### Work item
Going line by line through the entries below, count those that contain "move". Give the number by itself.

### Stored data
Lemma splice_run w :
  is_run B w r -> z 0 = r i0 -> (forall j, delta B (z j) /\ (z j).2 = (z j.+1).1.1) ->
  is_run B (fun j => (splice r i0 z j).1.2) (splice r i0 z).
Proof.
rewrite /splice => -[r0 rS] z0 zS; split => [|j]; first by case: i0 z0 => [/= ->|].
split; first by case: ifP => _; [case: (rS j) | case: (zS (j - i0))].
split=> //; case: (ltngtP j.+1 i0) => [_ | gt | eq].
- by case: (rS j) => _ [].
- by rewrite (@subSn i0 j gt); case: (zS (j - i0)).
- by rewrite -eq subnn z0 -eq; case: (rS j) => _ [].
Qed.

Lemma splice_accepting :
  is_genBuchi B -> accepting_run B r ->
  (forall i n, i0 <= i -> exists2 j, n <= j & z j = r i) -> accepting_run B (splice r i0 z).
Proof.
move=> hB /hB r_acc z_rec; apply/hB; apply: (genBuchi_cond_recurrent r_acc) => i n hi.
have [j hj zj] := z_rec i n hi; exists (i0 + j); first exact: leq_trans hj (leq_addl _ _).
by rewrite /splice ltnNge leq_addr /= addKn zj.
Qed.

End Splice.

Lemma prefixS (Sigma : finType) (w : word Sigma) i :
  prefix w i.+1 = rcons (prefix w i) (w i).
Proof. exact: mkseqS. Qed.

Definition resolver_of (Sigma : finType) (A : automaton Sigma) (x0 : Sigma)
    (g : seq Sigma -> st A) (h : seq Sigma) : st A * Sigma * st A :=
  if h is x :: t then (g (belast x t), last x t, g h) else (g [::], x0, g [::]).

Section ResolverOfGuess.
Variables (Sigma : finType) (A : automaton Sigma) (x0 : Sigma) (g : seq Sigma -> st A).

Lemma resolver_of_rcons h x : resolver_of x0 g (rcons h x) = (g h, x, g (rcons h x)).
Proof. by case: h => [|y h] //=; rewrite belast_rcons last_rcons. Qed.

Lemma resolver_of_run w :
  g [::] = init A -> (forall h x, delta A (g h, x, g (rcons h x))) ->
  is_run A w (fun i => resolver_of x0 g (prefix w i.+1)).
Proof.
move=> g0 gd; split=> [|i]; first by rewrite prefixS resolver_of_rcons; exact: g0.
rewrite prefixS resolver_of_rcons (prefixS w i.+1) resolver_of_rcons -prefixS.
by split; first by rewrite prefixS; exact: gd.
Qed.

End ResolverOfGuess.

(** * A history-deterministic generalised coBüchi automaton *)

Inductive letter := a | b | c.

Definition letter_eqb (x y : letter) : bool :=
  match x, y with a, a | b, b | c, c => true | _, _ => false end.
Lemma letter_eqP : Equality.axiom letter_eqb.
Proof. by do 2 case; constructor. Qed.
HB.instance Definition _ := hasDecEq.Build letter letter_eqP.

### Written response
2